Family businesses can be serious entities. Some of the biggest and best companies in the world are owned by families, including Walmart, Volkswagen and Berkshire Hathaway. Business owners looking to build a team they trust don’t need to look far, and enlisting the help of co-workers, parents, children and siblings can make all the difference. In theory, that’s great. In practice, it’s a different story. Can you work with your family?
Ali Asadkhan knows how to work successfully with siblings. As the founder and co-owner of Vitasave, which started in 2013 and is expected to generate $50 million in revenue this year, Asadkhan works with his two brothers to run the company. Not only is their business booming, but Asadkhan and his team successfully transitioned it from a brick-and-mortar store to an e-commerce only business. Today, the company offers more than 300 brands and 8,000 natural health products.
Based on nearly ten years of experience working with his siblings, here are Asadkhan’s nine top tips for doing business with your siblings.
Communicate clearly and regularly
Communication is key to any successful relationship, but it’s even more important between siblings who run a business together. “You can get to know your siblings well as people, but you have to make sure that no one can guess what’s going on in your business,” Asadkhan said. “Running a venture together can bring out new versions of someone’s personality that might surprise you, even if you all grew up together.”
Divide responsibilities according to strengths
“Between siblings there can be a natural leader,” Asadkhan said, “but each must have specific areas of responsibility.” As with any team, everyone will have different strengths and the workload needs to be shared between partners. In building the team, the brothers “implemented one simple strategy from the electronic myth reviewed by Michael Gerber. We each headed one department: marketing, accounting and operations.” This allowed them to each focus on one key area and communicate their progress without duplicating efforts. Divide and conquer and watch your efforts multiply.
Separating personal and professional life can be difficult between siblings, but it’s important to have harmonious relationships both inside and outside of the business. “We set clear boundaries and draw lines so that our work and personal relationships don’t mix,” Asadkhan said. For example, “whether we’re discussing growth plans, reviewing performance, or addressing an internal issue, we stay professional and stay on topic. Our personal lives remain at the door of any business-related meeting.”
Align your goals
“My siblings and I have our own individual ideas and unique leadership skills, and without the right strategy, our ideas can be the very things that break us,” Asadkhan said. To make sure he and his brothers’ plans are on the same page, together they set a clear path, agree to it, and refer to it in everything. “Building a company or business with a family is not possible according to many, but by clearly aligning the goals, including when to expand the product offering and how to improve the website, we were able to take Vitasave to a respectable height.” “.
Encourage healthy debate
When working with siblings, make the most of your presence and don’t make decisions on your own. “Growing up, you might feel like the eldest is making the decisions for everyone, or one sibling is taking the wheel for everyone else, but it’s no longer just about who has the TV remote.” Asadkhan wants you to tell your siblings everything on your mind about your business so you can make decisions as partners. “There have been times when we debate and challenge each other for hours in the boardroom, always in favor of business. So far, that strategy has worked. And there are never difficult feelings.”

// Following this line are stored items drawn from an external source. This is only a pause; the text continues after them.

Definition wass (mu nu : S -> R) : R :=
  inf [set c : R | exists pi : S -> S -> R,
         coupling pi mu nu /\ c = \sum_(a : S) \sum_(b : S) pi a b * dist a b].

Definition mu_out (t : S) : S -> R := fun x => w t x / wout t.
Definition mu_in (s : S) : S -> R := fun x => w x s / win s.

Definition curv (s t : S) : R := 1 - wass (mu_in s) (mu_out t) / w s t.

Definition w3max (s t : S) : R :=
  \big[Num.max/0]_(x : S | 0 < w x s) \big[Num.max/0]_(y : S | 0 < w t y)
     (w x s + w s t + w t y).

Context {p : nat -> nat} {q : nat -> 'I_k -> nat}.
Variable psi : forall (l : nat) (i : 'I_k), ('I_(m i).+2 -> 'rV[R]_(p l)) -> 'rV[R]_(q l i).
Variable phi : forall l : nat, (forall i : 'I_k, 'rV[R]_(q l i)) -> 'rV[R]_(p l.+1).

Fixpoint feat (x : S -> 'rV[R]_(p 0%N)) (l : nat) {struct l} : S -> 'rV[R]_(p l) :=
  match l as l0 return S -> 'rV[R]_(p l0) with
  | 0%N => x
  | l'.+1 => fun s => phi l' (fun i =>
      \sum_(xi : {ffun 'I_(m i).+1 -> S})
         A i (consf s xi) *: psi l' i (fun j => feat x l' (consf s xi j)))
  end.

End Defs.

From HB Require Import structures.
From mathcomp Require Import all_boot all_order all_algebra.
From mathcomp Require Import all_classical all_reals all_analysis.
From mathcomp Require Import ring lra.
Import Order.TTheory GRing.Theory Num.Theory.
Import numFieldNormedType.Exports.
Local Open Scope ring_scope.

(* After two layers, the chain rule and the Jacobian bounds give the bound
   alpha_0 beta_0 alpha_1 beta_1 sum_y M_{sigma,y} M_{y,tau}, where M_{u,y} is the total
   weight with which y occurs in the messages aggregated at u.  M is dominated entrywise by
   the augmented influence matrix, so the sum is at most
   (B^2)_{sigma,tau} = w_out(tau) w_in(sigma) sum_y mu_in(y) mu_out(y).
   Under the product coupling of mu_in(sigma) and mu_out(tau) the diagonal costs nothing and
   every other pair (x, y) is joined by the walk x -> sigma -> tau -> y of length at most
   w3max, so W(mu_in, mu_out) <= w3max (1 - sum_y mu_in(y) mu_out(y)), which rearranges into
   the claim. *)

Section vnorm1.
Context {R : realType}.

Definition vnorm1 {n : nat} (v : 'rV[R]_n) : R := \sum_i `|v 0 i|.

Lemma vnorm10 n : vnorm1 (0 : 'rV[R]_n) = 0.
Proof. by rewrite /vnorm1 big1 // => i _; rewrite mxE normr0. Qed.

Lemma vnorm1D {n} (u v : 'rV[R]_n) : vnorm1 (u + v) <= vnorm1 u + vnorm1 v.
Proof. by rewrite -big_split; apply: ler_sum => i _; rewrite mxE ler_normD. Qed.

Lemma vnorm1Z {n} a (v : 'rV[R]_n) : vnorm1 (a *: v) = `|a| * vnorm1 v.
Proof. by rewrite /vnorm1 mulr_sumr; apply: eq_bigr => i _; rewrite mxE normrM. Qed.

Lemma vnorm1_sum {n} {I : Type} (r : seq I) (f : I -> 'rV[R]_n) :
  vnorm1 (\sum_(i <- r) f i) <= \sum_(i <- r) vnorm1 (f i).
Proof.
elim/big_rec2: _ => [|i x u _ IH]; first by rewrite vnorm10.
by rewrite (le_trans (vnorm1D _ _)) // lerD2l.
Qed.

Lemma vnorm1_delta n (j : 'I_n) : vnorm1 (delta_mx 0 j : 'rV[R]_n) = 1.
Proof.
rewrite /vnorm1 (bigD1 j) //= big1 ?addr0; first by rewrite mxE !eqxx normr1.
by move=> i /negbTE ji; rewrite mxE ji andbF normr0.
Qed.

Lemma norm1_ge0 {a b} (M : 'M[R]_(a, b)) : 0 <= norm1 M.
Proof. exact: bigmax_ge_id. Qed.

Lemma norm1_tr_lin1_mx a b (L : {linear 'rV[R]_a -> 'rV[R]_b}) :
  norm1 (lin1_mx L)^T = \big[Num.max/0]_(j < a) vnorm1 (L (delta_mx 0 j)).
Proof. by apply: eq_bigr => j _; apply: eq_bigr => i _; rewrite !mxE. Qed.

Lemma linear_vnorm1_le {a b} (L : {linear 'rV[R]_a -> 'rV[R]_b}) c :
  norm1 (lin1_mx L)^T <= c -> forall v, vnorm1 (L v) <= c * vnorm1 v.
Proof.
rewrite norm1_tr_lin1_mx => Lc v; rewrite {1}(row_sum_delta v) linear_sum /=.
apply: le_trans (vnorm1_sum _ _) _; rewrite mulr_sumr.
apply: ler_sum => j _; rewrite linearZ /= vnorm1Z mulrC ler_wpM2r //.
exact: le_trans (le_bigmax _ _ j) Lc.
Qed.

Lemma vnorm1_le_linear {a b} (L : {linear 'rV[R]_a -> 'rV[R]_b}) c : 0 <= c ->
  (forall v, vnorm1 (L v) <= c * vnorm1 v) -> norm1 (lin1_mx L)^T <= c.
Proof.
move=> c_ge0 Lc; rewrite norm1_tr_lin1_mx; apply: bigmax_le => // j _.
by have := Lc (delta_mx 0 j); rewrite vnorm1_delta mulr1.
Qed.

End vnorm1.

Section diff_bounded.
Context {R : realType}.

Lemma continuous_sum {T : topologicalType} {W : normedModType R} {I : Type}
    (r : seq I) (g : I -> T -> W) :
  (forall i, continuous (g i)) -> continuous (fun x => \sum_(i <- r) g i x).
Proof.
move=> g_cont; elim: r => [|i r IH].
  rewrite (_ : (fun _ => _) = cst 0); first exact: cst_continuous.
  by apply: funext => x; rewrite big_nil.
rewrite (_ : (fun _ => _) = g i + fun x => \sum_(j <- r) g j x).
  by move=> x; apply: continuousD; [exact: g_cont | exact: IH].
by apply: funext => x; rewrite big_cons.
Qed.

Lemma linear_mx_continuous {a b} {W : normedModType R}
    (f : {linear 'M[R]_(a, b) -> W}) : continuous f.
Proof.
have -> : (f : _ -> _) = fun M => \sum_i \sum_j M i j *: f (delta_mx i j).
  apply: funext => M; rewrite {1}(matrix_sum_delta M) linear_sum.
  by apply: eq_bigr => i _; rewrite linear_sum; apply: eq_bigr => j _; rewrite linearZ.
apply: continuous_sum => i; apply: continuous_sum => j M.
exact/continuousZr_tmp/coord_continuous.
Qed.

Lemma diff_affine {a b} {W : normedModType R} (L : {linear 'M[R]_(a, b) -> W}) (C : W) x :
  differentiable (fun y => C + L y) x /\ 'd (fun y => C + L y) x = L :> (_ -> _).
Proof.
have L_cont : continuous L by exact: linear_mx_continuous.
have dL : differentiable L x by exact: linear_differentiable.
split; first exact: differentiableD.
rewrite (diffD (differentiable_cst _ _) dL) diff_cst diff_lin //.
by apply: funext => y /=; rewrite add0r.
Qed.

Lemma diff_linear_comp {a b} {V W : normedModType R} (L : {linear 'M[R]_(a, b) -> W})
    {g : V -> 'M[R]_(a, b)} {x} :
  differentiable g x -> differentiable (L \o g) x /\ 'd (L \o g) x = L \o 'd g x :> (_ -> _).
Proof.
move=> dg; have L_cont : continuous L by exact: linear_mx_continuous.
have dL : differentiable L (g x) by exact: linear_differentiable.
split; first exact: differentiable_comp.
by rewrite diff_comp // diff_lin.
Qed.

Lemma diff_sum {V W : normedModType R} {I : Type} (r : seq I) {f : I -> V -> W} {x} :
    (forall i, differentiable (f i) x) ->
  differentiable (fun y => \sum_(i <- r) f i y) x /\
  'd (fun y => \sum_(i <- r) f i y) x = (fun h => \sum_(i <- r) 'd (f i) x h) :> (_ -> _).
Proof.
move=> df; elim: r => [|i r [dr drE]].
  under eq_fun do rewrite big_nil.
  split; first exact: differentiable_cst.
  by rewrite diff_cst; apply: funext => h; rewrite big_nil.
have -> : (fun y => \sum_(j <- i :: r) f j y) = f i + (fun y => \sum_(j <- r) f j y).
  by apply: funext => y; rewrite big_cons.
split; first exact: differentiableD.
by rewrite diffD //; apply: funext => h /=; rewrite big_cons drE.
Qed.

Definition diff_bounded {c d : nat} (g : 'rV[R]_c -> 'rV[R]_d) (v0 : 'rV[R]_c) (K : R) :=
  differentiable g v0 /\ forall h, vnorm1 ('d g v0 h) <= K * vnorm1 h.

Lemma jac_vnorm1_le {c d} {g : 'rV[R]_c -> 'rV[R]_d} {v0 K} :
  norm1 (jac g v0) <= K -> forall h, vnorm1 ('d g v0 h) <= K * vnorm1 h.
Proof. exact: linear_vnorm1_le. Qed.

Lemma diff_bounded_jac {c d} {g : 'rV[R]_c -> 'rV[R]_d} {v0 K} :
  0 <= K -> diff_bounded g v0 K -> norm1 (jac g v0) <= K.
Proof. by move=> K_ge0 [_ gK]; exact: vnorm1_le_linear. Qed.

Lemma diff_bounded_sum {c d} {I : Type} (r : seq I) {f : I -> 'rV[R]_c -> 'rV[R]_d}
    {v0} {K : I -> R} :
  (forall i, diff_bounded (f i) v0 (K i)) ->
  diff_bounded (fun v => \sum_(i <- r) f i v) v0 (\sum_(i <- r) K i).
Proof.
move=> fK; have [dsum dsumE] := diff_sum r (fun i => (fK i).1).
split=> // h; rewrite dsumE mulr_suml.
by apply: le_trans (vnorm1_sum _ _) _; apply: ler_sum => i _; exact: (fK i).2.
Qed.

Lemma diff_boundedZ {c d} a {f : 'rV[R]_c -> 'rV[R]_d} {v0 K} :
  diff_bounded f v0 K -> diff_bounded (fun v => a *: f v) v0 (`|a| * K).
Proof.
move=> [df fK]; split; first exact: differentiableZ.
by move=> h; rewrite (diffZ _ df) /= vnorm1Z -mulrA ler_wpM2l.
Qed.

Lemma diff_bounded_upd {I : eqType} {c} (x : I -> 'rV[R]_c) t u v0 :
  diff_bounded (fun v => upd x t v u) v0 (u == t)%:R.
Proof.
rewrite /upd; case: (u =P t) => _.
  by split=> // h; rewrite diff_val mul1r.
split; first exact: differentiable_cst.
by move=> h; rewrite diff_cst mul0r vnorm10.
Qed.

End diff_bounded.

Section chain_rule.
Context {R : realType} {n b : nat} {d : 'I_n -> nat}.

(* Gluing the family into one block row, [F (G_j v)_j] becomes
   [Fm (\sum_j G_j v *m block_emb j)], whose derivative splits into the partial
   derivatives of [F]. *)
Definition block_emb (j : 'I_n) : 'M[R]_(d j, \sum_j' d j') :=
  \mxrow_j' dfwith (fun j0 => 0 : 'M[R]_(d j, d j0)) j 1%:M j'.

Lemma submxrow_block_emb j (y : 'rV[R]_(d j)) j' :
  submxrow (y *m block_emb j) j' = dfwith (fun j0 => 0 : 'rV[R]_(d j0)) j y j'.
Proof.
rewrite mul_mxrow mxrowK; case: (eqVneq j j') => [<-|ji].
  by rewrite !dfwithin mulmx1.
by rewrite !dfwithout // mulmx0.
Qed.

Lemma mxrow_block_emb (a : forall j, 'rV[R]_(d j)) :
  \mxrow_j a j = \sum_j a j *m block_emb j.
Proof.
apply/mxrowP => j'; rewrite mxrowK submxrow_sum (bigD1 j') //= submxrow_block_emb.
rewrite dfwithin big1 ?addr0 // => j ji.
by rewrite submxrow_block_emb dfwithout // eq_sym.
Qed.

Context {F : (forall j, 'rV[R]_(d j)) -> 'rV[R]_b} {beta : R}.
Hypothesis F_diff :
  forall N : 'rV[R]_(\sum_j d j),
  differentiable (fun N' : 'rV[R]_(\sum_j d j) => F (fun j => submxrow N' j)) N.
Hypothesis F_jac : forall (a : forall j, 'rV[R]_(d j)) j,
  norm1 (jac (fun y => F (dfwith a j y)) (a j)) <= beta.

Let Fm (N : 'rV[R]_(\sum_j d j)) : 'rV[R]_b := F (fun j => submxrow N j).

Lemma partial_diff_le (a : forall j, 'rV[R]_(d j)) j z :
  vnorm1 ('d Fm (\mxrow_j a j) (z *m block_emb j)) <= beta * vnorm1 z.
Proof.
pose C := \mxrow_j a j - a j *m block_emb j.
have [d_aff d_affE] := diff_affine (mulmxr (block_emb j)) C (a j).
have FaE : (fun y => F (dfwith a j y)) = Fm \o (fun y => C + y *m block_emb j).
  apply: funext => y; rewrite /Fm /=; congr F; apply: functional_extensionality_dep => j'.
  rewrite submxrowD submxrowB mxrowK !submxrow_block_emb.
  by case: (eqVneq j j') => [<-|ji]; rewrite ?dfwithin ?subrr ?add0r // !dfwithout // subr0 addr0.
have aff_aj : C + a j *m block_emb j = \mxrow_j a j by rewrite subrK.
have := jac_vnorm1_le (F_jac a j) z.
by rewrite FaE (diff_comp d_aff) aff_aj //= d_affE.
Qed.

Lemma diff_bounded_chain {c} {G : forall j, 'rV[R]_c -> 'rV[R]_(d j)} {v0} {K : 'I_n -> R} :
  (forall j, diff_bounded (G j) v0 (K j)) ->
  diff_bounded (fun v => F (fun j => G j v)) v0 (beta * \sum_j K j).
Proof.
move=> GK.
pose T v := \sum_j G j v *m block_emb j.
have FGE : (fun v => F (fun j => G j v)) = Fm \o T.
  apply: funext => v; rewrite /Fm /T /= -mxrow_block_emb.
  by congr F; apply: functional_extensionality_dep => j; rewrite mxrowK.
have dGemb j := diff_linear_comp (mulmxr (block_emb j)) (GK j).1.
have [dT dTE] := diff_sum (index_enum 'I_n) (fun j => (dGemb j).1).
have dFm : differentiable Fm (T v0) by exact: F_diff.
rewrite FGE; split; first exact: differentiable_comp.
move=> h; rewrite diff_comp //= dTE linear_sum /= -mulrA mulr_suml mulr_sumr.
apply: le_trans (vnorm1_sum _ _) (ler_sum _ _) => j _; rewrite (dGemb j).2 /=.
have beta_ge0 : 0 <= beta := le_trans (norm1_ge0 _) (F_jac (fun _ => 0) j).
rewrite /T -mxrow_block_emb (le_trans (partial_diff_le _ _ _)) //.
by rewrite ler_wpM2l // (GK j).2.
Qed.

End chain_rule.

Section chain_rule_rows.
Context {R : realType}.

Lemma dfwith_upd (I : eqType) (T : Type) (a : I -> T) j v : dfwith a j v = upd a j v.
Proof.
apply: funext => j'; rewrite /upd; case: (eqVneq j' j) => [->|ji]; first exact: dfwithin.
by rewrite dfwithout // eq_sym.
Qed.

Lemma diff_bounded_chain_rows {nn b e c} {F : ('I_nn -> 'rV[R]_b) -> 'rV[R]_e} {beta}
    {G : 'I_nn -> 'rV[R]_c -> 'rV[R]_b} {v0} {K : 'I_nn -> R} :
  (forall M : 'M[R]_(nn, b), differentiable (fun M' : 'M[R]_(nn, b) => F (fun j => row j M')) M) ->
  (forall a j, norm1 (jac (fun v => F (upd a j v)) (a j)) <= beta) ->
  (forall j, diff_bounded (G j) v0 (K j)) ->
  diff_bounded (fun v => F (fun j => G j v)) v0 (beta * \sum_j K j).
Proof.
move=> F_diff F_jac GK.
apply: (diff_bounded_chain _ _ GK) => [N|a j].
  pose rows N' : 'M[R]_(nn, b) := \matrix_j submxrow N' j.
  have rows_lin : linear rows.
    move=> r N1 N2; apply/row_matrixP => j; rewrite linearP !rowK /=.
    by apply/rowP => i; rewrite !mxE.
  pose rowsL : {linear _ -> 'M[R]_(nn, b)} :=
    HB.pack rows (GRing.isLinear.Build _ _ _ _ rows rows_lin).
  have -> : (fun N' => F (fun j => submxrow N' j)) = (fun M' => F (fun j => row j M')) \o rowsL.
    by apply: funext => N' /=; congr F; apply: funext => j; rewrite rowK.
  by apply: differentiable_comp; [exact/linear_differentiable/linear_mx_continuous | exact: F_diff].
by under eq_fun do rewrite dfwith_upd.
Qed.

End chain_rule_rows.

Section message_passing.
Context {R : realType} {S : finType} {k : nat} {m : 'I_k -> nat}.
Variable A : forall i : 'I_k, {ffun 'I_(m i).+2 -> S} -> R.
Hypothesis A_ge0 : forall i z, 0 <= A i z.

Be each other’s source of motivation
“We are each other’s biggest fuel and constantly push each other to learn, grow and stay hungry for knowledge and connections,” Asadkhan said. It was as true in their childhood as it is today. “When one of us wants to pursue an idea for the development of the company, the others support him and are ready by his side.” Asadkhan, for example, believes that personal progress leads to better business and “in 2016 I wanted to attend a Tony Robbins seminar. I shared the workshop with my brothers and we all attended together. The workshop changed our personal lives forever, affecting many aspects of our business.”
Don’t dwell on failure
Knowing your brothers and sisters well means you know what they are capable of, both tremendous success and enormous mistakes. “Worrying about what mistakes your siblings might make will only hinder your overall growth,” Asadkhan said. “Focus on your vision instead.” At Vitasave, when the team is focused on its vision, failures and mistakes become stepping stones and opportunities for growth, not setbacks.
Get outside help
Working with siblings means it’s easy to work in an echo chamber where you believe you have all the answers between you. Asadkhan knows it isn’t. “We know there are resources and expertise we need beyond our own family, so we don’t hesitate to ask others for help.” Admitting that you don’t know the answer within your family is a strength, and “getting help from others does not create weakness, but ensures success in the long run.”
Like many family businesses, Asadkhan and his brothers want their future children to build on the legacy they started. “Imagine your business three, five, ten decades from now and think about who might be a part of it in the future.” It’s never too early to start succession planning, and Asadkhan recommends identifying critical positions and developing action plans for them. “If the young people in your family want to be involved in the future, you can prepare them early to be successful.”
Working with family, if done well, can be brilliant. Your business will reach new heights and you will wonder why you didn’t think of it sooner. However, when done poorly, it’s a nightmare that affects many areas of your life. Keeping communication high, supporting each other, proactively seeking expertise and help from elsewhere, and setting boundaries means it just might work for you.